Only one span of the listing below should come back. It runs from the line with "Lemma beta_eventually_lt eps" through the line with "replace (J *", and each of its lines must be reproduced exactly.
START SUPPLIED ENTRIES
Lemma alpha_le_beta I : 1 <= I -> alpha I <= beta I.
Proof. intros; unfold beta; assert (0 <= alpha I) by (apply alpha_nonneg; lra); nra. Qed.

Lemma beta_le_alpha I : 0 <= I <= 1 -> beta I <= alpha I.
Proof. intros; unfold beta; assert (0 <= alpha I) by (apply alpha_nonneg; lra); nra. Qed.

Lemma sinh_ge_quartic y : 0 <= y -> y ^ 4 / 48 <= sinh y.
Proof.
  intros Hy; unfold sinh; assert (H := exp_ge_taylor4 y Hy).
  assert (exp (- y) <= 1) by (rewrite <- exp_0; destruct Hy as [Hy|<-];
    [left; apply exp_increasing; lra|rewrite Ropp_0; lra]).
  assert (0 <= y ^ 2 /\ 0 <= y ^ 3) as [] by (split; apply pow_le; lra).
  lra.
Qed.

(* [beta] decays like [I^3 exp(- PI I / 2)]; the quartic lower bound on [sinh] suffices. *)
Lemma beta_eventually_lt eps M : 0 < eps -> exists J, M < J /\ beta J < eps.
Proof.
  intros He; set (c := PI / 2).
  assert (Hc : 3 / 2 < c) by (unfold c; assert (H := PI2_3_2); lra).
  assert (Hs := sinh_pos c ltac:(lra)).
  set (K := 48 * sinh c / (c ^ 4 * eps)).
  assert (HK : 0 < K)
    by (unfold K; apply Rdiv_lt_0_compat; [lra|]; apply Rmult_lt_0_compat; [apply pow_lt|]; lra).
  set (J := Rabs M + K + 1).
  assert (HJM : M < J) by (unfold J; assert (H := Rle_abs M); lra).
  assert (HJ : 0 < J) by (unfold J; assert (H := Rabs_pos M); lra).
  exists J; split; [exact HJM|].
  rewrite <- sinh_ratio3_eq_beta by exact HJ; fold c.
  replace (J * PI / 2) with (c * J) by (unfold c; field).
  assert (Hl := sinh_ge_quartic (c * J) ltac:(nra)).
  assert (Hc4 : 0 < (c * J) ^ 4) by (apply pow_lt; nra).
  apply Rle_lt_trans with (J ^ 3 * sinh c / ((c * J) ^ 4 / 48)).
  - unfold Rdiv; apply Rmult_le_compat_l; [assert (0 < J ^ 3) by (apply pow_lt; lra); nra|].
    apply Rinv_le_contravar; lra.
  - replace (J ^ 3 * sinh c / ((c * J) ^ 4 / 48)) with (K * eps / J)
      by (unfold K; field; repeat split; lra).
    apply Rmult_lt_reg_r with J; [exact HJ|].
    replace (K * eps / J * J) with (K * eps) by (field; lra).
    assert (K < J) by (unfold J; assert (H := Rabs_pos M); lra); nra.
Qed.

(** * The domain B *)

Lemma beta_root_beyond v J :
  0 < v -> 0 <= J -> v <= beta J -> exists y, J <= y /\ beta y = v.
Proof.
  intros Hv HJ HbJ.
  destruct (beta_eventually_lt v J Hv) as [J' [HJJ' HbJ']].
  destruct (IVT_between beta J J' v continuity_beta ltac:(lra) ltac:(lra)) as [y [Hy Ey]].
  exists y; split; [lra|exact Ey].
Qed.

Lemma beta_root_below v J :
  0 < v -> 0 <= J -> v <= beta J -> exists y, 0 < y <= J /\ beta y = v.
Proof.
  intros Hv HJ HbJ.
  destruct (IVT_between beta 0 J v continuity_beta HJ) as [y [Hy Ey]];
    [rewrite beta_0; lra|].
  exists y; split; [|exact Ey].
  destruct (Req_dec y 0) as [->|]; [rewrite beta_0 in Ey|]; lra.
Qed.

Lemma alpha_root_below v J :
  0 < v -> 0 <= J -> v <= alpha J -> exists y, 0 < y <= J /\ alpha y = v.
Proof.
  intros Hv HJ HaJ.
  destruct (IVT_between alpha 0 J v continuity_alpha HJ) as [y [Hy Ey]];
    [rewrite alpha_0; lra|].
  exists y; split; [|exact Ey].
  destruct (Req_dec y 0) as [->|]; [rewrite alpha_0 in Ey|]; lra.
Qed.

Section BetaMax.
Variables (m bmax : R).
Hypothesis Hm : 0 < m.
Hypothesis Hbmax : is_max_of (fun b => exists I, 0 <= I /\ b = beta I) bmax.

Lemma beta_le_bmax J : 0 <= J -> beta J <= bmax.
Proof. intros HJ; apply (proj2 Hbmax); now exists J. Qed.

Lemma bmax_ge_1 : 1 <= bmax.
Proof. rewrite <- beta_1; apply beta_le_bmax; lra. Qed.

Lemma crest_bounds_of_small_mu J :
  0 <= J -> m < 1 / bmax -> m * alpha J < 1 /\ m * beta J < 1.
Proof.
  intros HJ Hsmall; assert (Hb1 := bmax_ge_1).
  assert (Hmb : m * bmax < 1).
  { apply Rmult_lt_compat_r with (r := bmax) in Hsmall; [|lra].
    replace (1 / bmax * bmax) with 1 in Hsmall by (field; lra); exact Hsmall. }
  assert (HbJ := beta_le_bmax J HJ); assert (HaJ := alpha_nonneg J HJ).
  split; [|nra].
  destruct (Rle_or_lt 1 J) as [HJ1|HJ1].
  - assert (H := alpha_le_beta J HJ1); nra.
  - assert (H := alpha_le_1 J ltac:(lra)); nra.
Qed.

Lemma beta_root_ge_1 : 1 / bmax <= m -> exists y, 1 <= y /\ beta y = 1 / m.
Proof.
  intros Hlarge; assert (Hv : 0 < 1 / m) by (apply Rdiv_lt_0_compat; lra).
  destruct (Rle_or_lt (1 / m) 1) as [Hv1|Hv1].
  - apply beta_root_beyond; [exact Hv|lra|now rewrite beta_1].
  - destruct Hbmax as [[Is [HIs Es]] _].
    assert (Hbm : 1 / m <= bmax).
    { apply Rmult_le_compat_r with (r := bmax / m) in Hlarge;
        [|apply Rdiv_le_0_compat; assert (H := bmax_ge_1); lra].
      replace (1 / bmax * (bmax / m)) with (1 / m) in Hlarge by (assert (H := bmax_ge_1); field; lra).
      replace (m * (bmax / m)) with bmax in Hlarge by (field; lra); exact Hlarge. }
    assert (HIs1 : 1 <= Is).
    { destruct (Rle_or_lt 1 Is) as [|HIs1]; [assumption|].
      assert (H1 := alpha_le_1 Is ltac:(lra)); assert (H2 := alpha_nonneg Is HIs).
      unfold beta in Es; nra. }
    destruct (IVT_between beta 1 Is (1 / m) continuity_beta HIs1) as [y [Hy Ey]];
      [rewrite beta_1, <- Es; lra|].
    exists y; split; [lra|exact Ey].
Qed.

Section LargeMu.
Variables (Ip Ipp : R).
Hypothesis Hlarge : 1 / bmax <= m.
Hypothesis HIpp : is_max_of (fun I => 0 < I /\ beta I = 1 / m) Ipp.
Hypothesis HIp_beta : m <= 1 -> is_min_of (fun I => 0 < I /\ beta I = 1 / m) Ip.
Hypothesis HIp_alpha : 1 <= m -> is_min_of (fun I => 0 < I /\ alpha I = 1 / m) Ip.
END SUPPLIED ENTRIES
START SUPPLIED ENTRIES
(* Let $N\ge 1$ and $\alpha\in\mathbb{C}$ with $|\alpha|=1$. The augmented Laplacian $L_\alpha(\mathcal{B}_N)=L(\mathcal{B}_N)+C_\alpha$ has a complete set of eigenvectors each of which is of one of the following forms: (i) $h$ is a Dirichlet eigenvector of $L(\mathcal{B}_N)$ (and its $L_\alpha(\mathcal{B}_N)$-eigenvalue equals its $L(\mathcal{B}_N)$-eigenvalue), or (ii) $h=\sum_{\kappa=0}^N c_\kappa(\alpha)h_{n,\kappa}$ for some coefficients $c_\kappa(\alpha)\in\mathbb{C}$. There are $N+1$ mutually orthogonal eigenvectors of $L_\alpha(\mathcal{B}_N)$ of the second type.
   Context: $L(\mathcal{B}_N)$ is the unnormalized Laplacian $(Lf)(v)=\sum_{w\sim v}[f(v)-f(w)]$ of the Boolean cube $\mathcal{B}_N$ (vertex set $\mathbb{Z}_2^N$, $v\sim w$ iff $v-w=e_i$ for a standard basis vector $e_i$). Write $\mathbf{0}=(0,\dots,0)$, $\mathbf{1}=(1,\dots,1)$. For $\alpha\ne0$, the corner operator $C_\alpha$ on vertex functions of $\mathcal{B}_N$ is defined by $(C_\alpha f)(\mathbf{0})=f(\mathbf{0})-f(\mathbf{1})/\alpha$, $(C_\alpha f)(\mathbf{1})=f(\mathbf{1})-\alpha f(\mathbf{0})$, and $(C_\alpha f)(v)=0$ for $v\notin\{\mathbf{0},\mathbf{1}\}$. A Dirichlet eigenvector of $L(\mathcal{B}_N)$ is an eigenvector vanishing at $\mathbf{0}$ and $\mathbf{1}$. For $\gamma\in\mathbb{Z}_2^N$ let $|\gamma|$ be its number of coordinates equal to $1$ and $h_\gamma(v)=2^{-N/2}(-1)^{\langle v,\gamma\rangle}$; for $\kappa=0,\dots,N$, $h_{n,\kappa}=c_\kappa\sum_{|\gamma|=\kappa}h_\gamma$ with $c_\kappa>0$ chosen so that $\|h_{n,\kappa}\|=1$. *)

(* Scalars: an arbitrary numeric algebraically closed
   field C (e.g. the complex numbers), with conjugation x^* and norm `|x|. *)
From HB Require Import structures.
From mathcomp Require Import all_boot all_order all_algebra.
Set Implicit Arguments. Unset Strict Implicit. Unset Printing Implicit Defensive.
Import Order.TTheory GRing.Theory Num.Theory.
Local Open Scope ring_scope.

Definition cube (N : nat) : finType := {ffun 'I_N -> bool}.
END SUPPLIED ENTRIES
RESULT BELOW:
Lemma beta_eventually_lt eps M : 0 < eps -> exists J, M < J /\ beta J < eps.
Proof.
  intros He; set (c := PI / 2).
  assert (Hc : 3 / 2 < c) by (unfold c; assert (H := PI2_3_2); lra).
  assert (Hs := sinh_pos c ltac:(lra)).
  set (K := 48 * sinh c / (c ^ 4 * eps)).
  assert (HK : 0 < K)
    by (unfold K; apply Rdiv_lt_0_compat; [lra|]; apply Rmult_lt_0_compat; [apply pow_lt|]; lra).
  set (J := Rabs M + K + 1).
  assert (HJM : M < J) by (unfold J; assert (H := Rle_abs M); lra).
  assert (HJ : 0 < J) by (unfold J; assert (H := Rabs_pos M); lra).
  exists J; split; [exact HJM|].
  rewrite <- sinh_ratio3_eq_beta by exact HJ; fold c.
  replace (J * PI / 2) with (c * J) by (unfold c; field).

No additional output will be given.